Lemma rel_fv_ok (L : signature) m k n sg (p q : so_formula L) (pb pe : id_formula L) y :
  (forall x, so_free p x -> so_free q x) ->
  (id_free pb y -> fv_ok m k sg p y) ->
  (id_free pe y -> fv_ok (m+1) (k+n+1) sg p y) ->
  id_free (iall_rel m k n pb pe) y \/ id_free (iex_rel m k n pb pe) y -> fv_ok m k sg q y.
Proof.
  intros Hq Hb He H.
  have [Hpb|[[j [Hj E]]|[Hm [Hz [Hy H']]]]] :
    id_free pb y \/ (exists j, j < m /\ y = 2*j) \/
    (y <> 2*m /\ y <> valvar k /\ ~ List.In y (argvars k n) /\
     (id_free (dep_val L m k n) y \/ id_free pe y)).
  { destruct H as [[H|[Hne H]]|[H|H]]; auto.
    - move: H => /ialls_free [[Hz H] Hy]. right; right. tauto.
    - move: H => /iex_dep_free [H|[/ialls_free [[Hz H] Hy] Hne]]; auto.
      right; right. tauto. }
  - exact: fv_ok_sub (Hb Hpb).
  - left. by exists j.
  - have Hlow : forall j, j < m + 1 -> y = 2*j -> fv_ok m k sg q y.
    { intros j Hj ->. left. exists j. split; auto. have : j <> m by intros ->. lia. }
    destruct H' as [H'|H'].
    + move: H' => /dep_val_free [[j [Hj E]]|[H'|H']]; [exact: Hlow E|contradiction|contradiction].
    + destruct (He H') as [[j [Hj E]]|[[j [Hj E]]|Hx]]; [exact: Hlow E| |].
      * right; left. exists j. split; auto. subst y.
        have Hjk : ~ (k <= j).
        { intro Hkj. destruct (Nat.eq_dec j k) as [->|Ejk]; [by apply Hz; rewrite /valvar; lia|].
          apply Hy, in_argvars. have Hi : j - k - 1 < n by lia.
          exists (Ordinal Hi). rewrite /argvar /=. lia. }
        lia.
      * exact: (fv_ok_sub (m := m) (k := k) (p := p)) (or_intror (or_intror Hx)).
Qed.

Lemma iand_fv_ok (L : signature) m k sg (p r : so_formula L) (a b : id_formula L) y :
  (id_free a y -> fv_ok m k sg p y) -> (id_free b y -> fv_ok m k sg r y) ->
  id_free (IAnd a b) y -> fv_ok m k sg p y \/ fv_ok m k sg r y.
Proof. intros Ha Hb [H|H]; [left; exact: Ha|right; exact: Hb]. Qed.

Lemma rvar_fv_ok (L : signature) pol sg re m k kk n (ts : 'I_n -> term L) y :
  renv_bounded re m k -> id_free (translate sg re m k pol (SRVar kk ts)) y ->
  fv_ok m k sg (SRVar kk ts) y.
Proof.
  intros Hre Hf. cbn [translate] in Hf.
  destruct (re kk n) as [[m0 k0]|] eqn:E; [|by destruct pol; simpl in Hf; tauto].
  destruct (Hre _ _ _ _ E) as [H1 H2].
  have [Hf'|Hf'] : id_free (args_eq sg k0 ts) y \/ id_free (veq L (valvar k0) (2*m0)) y.
  { destruct pol; simpl in Hf |- *; tauto. }
  - move: Hf' => /iands_free [p [/List.in_map_iff [i [<- _]] [Hg|Hg]]].
    + apply term_var_inv in Hg. subst y. right; left. exists (k0 + 1 + i).
      have := ltn_ord i. split; [lia|rewrite /argvar; lia].
    + apply term_var_ren in Hg. destruct Hg as [x [Hx ->]]. right; right.
      exists x; split; auto. by exists i.
  - destruct (veq_free Hf') as [->| ->].
    + right; left. exists k0; split; [lia|rewrite /valvar; lia].
    + left. by exists m0.
Qed.

Lemma translate_fv_ok (L : signature) (q : so_formula L) :
  forall pol sg re m k y, renv_bounded re m k ->
  id_free (translate sg re m k pol q) y -> fv_ok m k sg q y.
Proof.
  induction q as [a|kk n ts|p IH|p IHp r IHr|p IHp r IHr|p IHp r IHr|x p IH|x p IH
                 |kk n p IH|kk n p IH];
    intros pol sg re m k y Hre Hf.
  4-10: cbn [translate] in Hf.
  4-6: have Hre2 : renv_bounded re (m+2) k by apply: renv_bounded_mono Hre _ _; lia.
  4-6: have Hpr : fv_ok m k sg p y \/ fv_ok m k sg r y by
         destruct pol; first
           [ exact: iand_fv_ok (IHp _ _ _ _ _ _ Hre) (IHr _ _ _ _ _ _ Hre) Hf
           | exact: ior_cl_fv_ok (IHp _ _ _ _ _ _ Hre) (IHr _ _ _ _ _ _ Hre)
                                 (IHp _ _ _ _ _ _ Hre2) (IHr _ _ _ _ _ _ Hre2) Hf ].
  4-6: by case: Hpr => Hpr; apply: (fv_ok_sub _ _ _ Hpr) => // x Hx; [left|right].
  4-5: have Hre1 : renv_bounded re (m+1) k by apply: renv_bounded_mono Hre _ _; lia.
  - have Hf' : id_free (IAtom (aren sg a)) y by destruct pol; simpl in *; tauto.
    move: Hf' => /atom_var_ren [x [Hx ->]]. right; right; eauto.
  - exact: rvar_fv_ok Hf.
  - exact: IH Hf.
  - have Hq : forall x', x' <> x -> so_free p x' -> so_free (SAll x p) x' by [].
    destruct pol; [destruct Hf as [Hne Hf]|move: Hf => /iex_dep_free [H|[Hf Hne]]; [by left|]];
      exact: fv_ok_quant Hq Hne (IH _ _ _ _ _ _ Hre1 Hf).
  - have Hq : forall x', x' <> x -> so_free p x' -> so_free (SEx x p) x' by [].
    destruct pol; [move: Hf => /iex_dep_free [H|[Hf Hne]]; [by left|]|destruct Hf as [Hne Hf]];
      exact: fv_ok_quant Hq Hne (IH _ _ _ _ _ _ Hre1 Hf).
  - have Hb := IH pol sg _ m k y (renv_bounded_none (kk := kk) (n := n) Hre).
    have He := IH pol sg _ (m+1) (k+n+1) y (renv_bounded_some (kk := kk) (n := n) Hre).
    apply: (rel_fv_ok (q := SAllR kk n p) (fun _ H => H) Hb He).
    destruct pol; cbv zeta in Hf; tauto.
  - have Hb := IH pol sg _ m k y (renv_bounded_none (kk := kk) (n := n) Hre).
    have He := IH pol sg _ (m+1) (k+n+1) y (renv_bounded_some (kk := kk) (n := n) Hre).
    apply: (rel_fv_ok (q := SExR kk n p) (fun _ H => H) Hb He).
    destruct pol; cbv zeta in Hf; tauto.
Qed.

Lemma good_empty_team (L : signature) (M : structure L) (G : codes M) :
  good (fun _ _ => None) G 0 0 (fun s => s = empty_assignment M).
Proof.
  split; [|split; [|split]].
  - by move=> s s' -> ->.
  - by move=> s -> j.
  - move=> s _ j Hj. lia.
  - by [].
Qed.

Theorem theorem5p8 (L : signature) (psi : so_formula L) :
  so_sentence psi ->
  exists phi : id_formula L,
    id_sentence phi /\
    (forall M : structure L, so_true M psi <-> id_true M phi).
Proof.
  intros [Hfv _].
  have HW : fv_even (fun _ => 0) psi 0 by move=> y /Hfv.
  exists (translate (fun _ => 0) (fun _ _ => None) 0 0 true psi). split.
  - intros y Hy. have Hre : renv_bounded (fun _ _ => None) 0 0 by [].
    destruct (translate_fv_ok Hre Hy) as [[j [Hj _]]|[[j [Hj _]]|[x [Hx _]]]];
      [lia|lia|exact: Hfv Hx].
  - intro M. rewrite /id_true (@translate_correct _ psi true _ _ _ _ HW M _ _
                                 (good_empty_team (fun _ n _ _ => point M))).
    split; [by move=> H s ->|move=> H; exact: (H _ erefl)].
Qed.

···

**WHAT IS NEEDED**
Your task is to restate every record word for word.

**RESPONSE**
Lemma rel_fv_ok (L : signature) m k n sg (p q : so_formula L) (pb pe : id_formula L) y :
  (forall x, so_free p x -> so_free q x) ->
  (id_free pb y -> fv_ok m k sg p y) ->
  (id_free pe y -> fv_ok (m+1) (k+n+1) sg p y) ->
  id_free (iall_rel m k n pb pe) y \/ id_free (iex_rel m k n pb pe) y -> fv_ok m k sg q y.
Proof.
  intros Hq Hb He H.
  have [Hpb|[[j [Hj E]]|[Hm [Hz [Hy H']]]]] :
    id_free pb y \/ (exists j, j < m /\ y = 2*j) \/
    (y <> 2*m /\ y <> valvar k /\ ~ List.In y (argvars k n) /\
     (id_free (dep_val L m k n) y \/ id_free pe y)).
  { destruct H as [[H|[Hne H]]|[H|H]]; auto.
    - move: H => /ialls_free [[Hz H] Hy]. right; right. tauto.
    - move: H => /iex_dep_free [H|[/ialls_free [[Hz H] Hy] Hne]]; auto.
      right; right. tauto. }
  - exact: fv_ok_sub (Hb Hpb).
  - left. by exists j.
  - have Hlow : forall j, j < m + 1 -> y = 2*j -> fv_ok m k sg q y.
    { intros j Hj ->. left. exists j. split; auto. have : j <> m by intros ->. lia. }
    destruct H' as [H'|H'].
    + move: H' => /dep_val_free [[j [Hj E]]|[H'|H']]; [exact: Hlow E|contradiction|contradiction].
    + destruct (He H') as [[j [Hj E]]|[[j [Hj E]]|Hx]]; [exact: Hlow E| |].
      * right; left. exists j. split; auto. subst y.
        have Hjk : ~ (k <= j).
        { intro Hkj. destruct (Nat.eq_dec j k) as [->|Ejk]; [by apply Hz; rewrite /valvar; lia|].
          apply Hy, in_argvars. have Hi : j - k - 1 < n by lia.
          exists (Ordinal Hi). rewrite /argvar /=. lia. }
        lia.
      * exact: (fv_ok_sub (m := m) (k := k) (p := p)) (or_intror (or_intror Hx)).
Qed.

Lemma iand_fv_ok (L : signature) m k sg (p r : so_formula L) (a b : id_formula L) y :
  (id_free a y -> fv_ok m k sg p y) -> (id_free b y -> fv_ok m k sg r y) ->
  id_free (IAnd a b) y -> fv_ok m k sg p y \/ fv_ok m k sg r y.
Proof. intros Ha Hb [H|H]; [left; exact: Ha|right; exact: Hb]. Qed.

Lemma rvar_fv_ok (L : signature) pol sg re m k kk n (ts : 'I_n -> term L) y :
  renv_bounded re m k -> id_free (translate sg re m k pol (SRVar kk ts)) y ->
  fv_ok m k sg (SRVar kk ts) y.
Proof.
  intros Hre Hf. cbn [translate] in Hf.
  destruct (re kk n) as [[m0 k0]|] eqn:E; [|by destruct pol; simpl in Hf; tauto].
  destruct (Hre _ _ _ _ E) as [H1 H2].
  have [Hf'|Hf'] : id_free (args_eq sg k0 ts) y \/ id_free (veq L (valvar k0) (2*m0)) y.
  { destruct pol; simpl in Hf |- *; tauto. }
  - move: Hf' => /iands_free [p [/List.in_map_iff [i [<- _]] [Hg|Hg]]].
    + apply term_var_inv in Hg. subst y. right; left. exists (k0 + 1 + i).
      have := ltn_ord i. split; [lia|rewrite /argvar; lia].
    + apply term_var_ren in Hg. destruct Hg as [x [Hx ->]]. right; right.
      exists x; split; auto. by exists i.
  - destruct (veq_free Hf') as [->| ->].
    + right; left. exists k0; split; [lia|rewrite /valvar; lia].
    + left. by exists m0.
Qed.

Lemma translate_fv_ok (L : signature) (q : so_formula L) :
  forall pol sg re m k y, renv_bounded re m k ->
  id_free (translate sg re m k pol q) y -> fv_ok m k sg q y.
Proof.
  induction q as [a|kk n ts|p IH|p IHp r IHr|p IHp r IHr|p IHp r IHr|x p IH|x p IH
                 |kk n p IH|kk n p IH];
    intros pol sg re m k y Hre Hf.
  4-10: cbn [translate] in Hf.
  4-6: have Hre2 : renv_bounded re (m+2) k by apply: renv_bounded_mono Hre _ _; lia.
  4-6: have Hpr : fv_ok m k sg p y \/ fv_ok m k sg r y by
         destruct pol; first
           [ exact: iand_fv_ok (IHp _ _ _ _ _ _ Hre) (IHr _ _ _ _ _ _ Hre) Hf
           | exact: ior_cl_fv_ok (IHp _ _ _ _ _ _ Hre) (IHr _ _ _ _ _ _ Hre)
                                 (IHp _ _ _ _ _ _ Hre2) (IHr _ _ _ _ _ _ Hre2) Hf ].
  4-6: by case: Hpr => Hpr; apply: (fv_ok_sub _ _ _ Hpr) => // x Hx; [left|right].
  4-5: have Hre1 : renv_bounded re (m+1) k by apply: renv_bounded_mono Hre _ _; lia.
  - have Hf' : id_free (IAtom (aren sg a)) y by destruct pol; simpl in *; tauto.
    move: Hf' => /atom_var_ren [x [Hx ->]]. right; right; eauto.
  - exact: rvar_fv_ok Hf.
  - exact: IH Hf.
  - have Hq : forall x', x' <> x -> so_free p x' -> so_free (SAll x p) x' by [].
    destruct pol; [destruct Hf as [Hne Hf]|move: Hf => /iex_dep_free [H|[Hf Hne]]; [by left|]];
      exact: fv_ok_quant Hq Hne (IH _ _ _ _ _ _ Hre1 Hf).
  - have Hq : forall x', x' <> x -> so_free p x' -> so_free (SEx x p) x' by [].
    destruct pol; [move: Hf => /iex_dep_free [H|[Hf Hne]]; [by left|]|destruct Hf as [Hne Hf]];
      exact: fv_ok_quant Hq Hne (IH _ _ _ _ _ _ Hre1 Hf).
  - have Hb := IH pol sg _ m k y (renv_bounded_none (kk := kk) (n := n) Hre).
    have He := IH pol sg _ (m+1) (k+n+1) y (renv_bounded_some (kk := kk) (n := n) Hre).
    apply: (rel_fv_ok (q := SAllR kk n p) (fun _ H => H) Hb He).
    destruct pol; cbv zeta in Hf; tauto.
  - have Hb := IH pol sg _ m k y (renv_bounded_none (kk := kk) (n := n) Hre).
    have He := IH pol sg _ (m+1) (k+n+1) y (renv_bounded_some (kk := kk) (n := n) Hre).
    apply: (rel_fv_ok (q := SExR kk n p) (fun _ H => H) Hb He).
    destruct pol; cbv zeta in Hf; tauto.
Qed.

Lemma good_empty_team (L : signature) (M : structure L) (G : codes M) :
  good (fun _ _ => None) G 0 0 (fun s => s = empty_assignment M).
Proof.
  split; [|split; [|split]].
  - by move=> s s' -> ->.
  - by move=> s -> j.
  - move=> s _ j Hj. lia.
  - by [].
Qed.

Theorem theorem5p8 (L : signature) (psi : so_formula L) :
  so_sentence psi ->
  exists phi : id_formula L,
    id_sentence phi /\
    (forall M : structure L, so_true M psi <-> id_true M phi).
Proof.
  intros [Hfv _].
  have HW : fv_even (fun _ => 0) psi 0 by move=> y /Hfv.
  exists (translate (fun _ => 0) (fun _ _ => None) 0 0 true psi). split.
  - intros y Hy. have Hre : renv_bounded (fun _ _ => None) 0 0 by [].
    destruct (translate_fv_ok Hre Hy) as [[j [Hj _]]|[[j [Hj _]]|[x [Hx _]]]];
      [lia|lia|exact: Hfv Hx].
  - intro M. rewrite /id_true (@translate_correct _ psi true _ _ _ _ HW M _ _
                                 (good_empty_team (fun _ n _ _ => point M))).
    split; [by move=> H s ->|move=> H; exact: (H _ erefl)].
Qed.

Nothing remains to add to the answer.